The Max Input controls all of the highlights within your image. Decreasing the slider will brighten all of the light sources in your photos, and moving the slider entirely to the left will turn your image white. Balance between each of the input sliders will let you control the overall shadows and highlights more precisely than the Exposure tool sliders will allow.
The Output sliders mimic the Input sliders, Min Output and Max Output. These sliders adjust the overall tonal range of your image, reducing the contrast of your shadows and highlights.
Increasing the Min Output slider will limit the intensity of the shadows in your photo, creating an overall brighter effect. Decreasing Max Output will limit the intensity of highlights in your image, making the overall effect darker. Move both sliders slightly inwards to achieve a matte effect.

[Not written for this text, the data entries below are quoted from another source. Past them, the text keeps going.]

Lemma iter_partial_continuous l {x : 'rV[R]_n} :
  x != 0 -> {for x, continuous (iter_partial l F)}.
Proof. by case: hF => _ [[_ H] _] hx; apply: (H l).1; rewrite inE. Qed.

Lemma iter_partial_derivable l a {x : 'rV[R]_n} :
  x != 0 -> derivable (iter_partial l F) x (e a).
Proof. by case: hF => _ [[_ H] _] hx; apply: (H l).2. Qed.

Lemma near_nonzero {x : 'rV[R]_n} : x != 0 -> \forall z \near x, z != 0.
Proof. by case: hF => _ [[Uo _] _] hx; exact: Uo. Qed.

Lemma sqF_mul : G = F * F.
Proof. by apply/funext => z; rewrite /sqF expr2. Qed.

Lemma sqF_derivable {x : 'rV[R]_n} a : x != 0 -> derivable G x (e a).
Proof.
move=> hx; rewrite sqF_mul.
by apply: derivableM; exact: (iter_partial_derivable [::] a hx).
Qed.

Lemma partial_sqF_near {x : 'rV[R]_n} a : x != 0 ->
  \forall z \near x, (cst 2 * F * partial a F) z = partial a G z.
Proof.
move=> hx; apply: filterS (near_nonzero hx) => z hz.
have Fd := iter_partial_derivable [::] a hz.
rewrite /partial sqF_mul deriveM //= !scaleRE !fctE; ring.
Qed.

Lemma partial_sqF_derivable {x : 'rV[R]_n} a b :
  x != 0 -> derivable (partial a G) x (e b).
Proof.
move=> hx; apply: near_eq_derivable (partial_sqF_near a hx) _.
apply: derivableM; last exact: (iter_partial_derivable [:: a] b hx).
by apply: derivableM; [exact: derivable_cst | exact: (iter_partial_derivable [::] b hx)].
Qed.

Lemma partial_sqF_continuous {x : 'rV[R]_n} a :
  x != 0 -> {for x, continuous (partial a G)}.
Proof.
move=> hx; apply: near_eq_continuous (partial_sqF_near a hx) _.
have nF := nbhs_filter x.
have c2F := @cvgM _ _ _ nF (cst 2) F _ _ (@cvg_cst _ _ _ _ nF)
  (iter_partial_continuous [::] hx).
exact: (@cvgM _ _ _ nF _ _ _ _ c2F (iter_partial_continuous [:: a] hx)).
Qed.

Lemma second_partial_sqF_near {x : 'rV[R]_n} a b : x != 0 -> \forall z \near x,
  (cst 2 * (F * partial b (partial a F) + partial a F * partial b F)) z
  = partial b (partial a G) z.
Proof.
move=> hx; apply: filterS (near_nonzero hx) => z hz.
have Fd := iter_partial_derivable [::] b hz.
have dFd := iter_partial_derivable [:: a] b hz.
have d2F : derivable (cst 2 * F) z (e b).
  by apply: derivableM => //; exact: derivable_cst.
rewrite /partial -(near_eq_derive _ (partial_sqF_near a hz)).
rewrite (deriveM d2F dFd) (deriveM (derivable_cst (2 : R) z (e b)) Fd) derive_cst.
rewrite !scaleRE !fctE /iter_partial /partial /=; ring.
Qed.

Lemma second_partial_sqF_continuous {x : 'rV[R]_n} a b : x != 0 ->
  {for x, continuous (partial b (partial a G))}.
Proof.
move=> hx; apply: near_eq_continuous (second_partial_sqF_near a b hx) _.
have nF := nbhs_filter x.
have c1 := @cvgM _ _ _ nF _ _ _ _ (iter_partial_continuous [::] hx)
  (iter_partial_continuous [:: b; a] hx).
have c2 := @cvgM _ _ _ nF _ _ _ _ (iter_partial_continuous [:: a] hx)
  (iter_partial_continuous [:: b] hx).
exact: (@cvgM _ _ _ nF (cst 2) _ _ _ (@cvg_cst _ _ _ _ nF)
  (@cvgD _ _ _ _ nF _ _ _ _ c1 c2)).
Qed.

Lemma derive_sqF {x : 'rV[R]_n} : x != 0 -> forall u,
  derivable G x u /\ 'D_u G x = \sum_(a < n) u 0 a * partial a G x.
Proof.
move=> hx; apply: derive_from_partials.
  by apply: filterS (near_nonzero hx) => z hz a; exact: sqF_derivable.
by move=> a; exact: partial_sqF_continuous.
Qed.

Lemma derive_partial_sqF {x : 'rV[R]_n} a : x != 0 -> forall u,
  derivable (partial a G) x u /\
  'D_u (partial a G) x = \sum_(b < n) u 0 b * partial b (partial a G) x.
Proof.
move=> hx; apply: derive_from_partials.
  by apply: filterS (near_nonzero hx) => z hz b; exact: partial_sqF_derivable.
by move=> b; exact: second_partial_sqF_continuous.
Qed.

The Gamma slider will control the overall exposure of your image. If you’re not doing a lot of fine tuning of the image and want to brighten or darken the overall image, the Gamma slider can help. Decrease the slider to darken the image, or increase the slider to brighten it.
Using the Levels Tool:
Step 1: Start with opening an image in your Photo Editor. Go from the Edit menu to Levels under the Miscellaneous category.
Step 2: Check out the different adjustment options in Levels and start experimenting.
In this case we get a lot more contrast by moving the Min Input up and the Max Input down.
In another version, we move the Gamma slider to move the overall exposure up, then adjust the Max Input to get more refined.
Step 3: If you only want to apply the effect to parts of your image, click on the 'Paint' tab and use the paintbrush tool to choose where you want to apply it.
Approaching the Levels tool can vary greatly depending on the image you're using and where it needs the most help. An underexposed image would need different adjustments than an overexposed image. Play around with the Levels tool to understand how each adjustment slider works and how to best apply it to your image.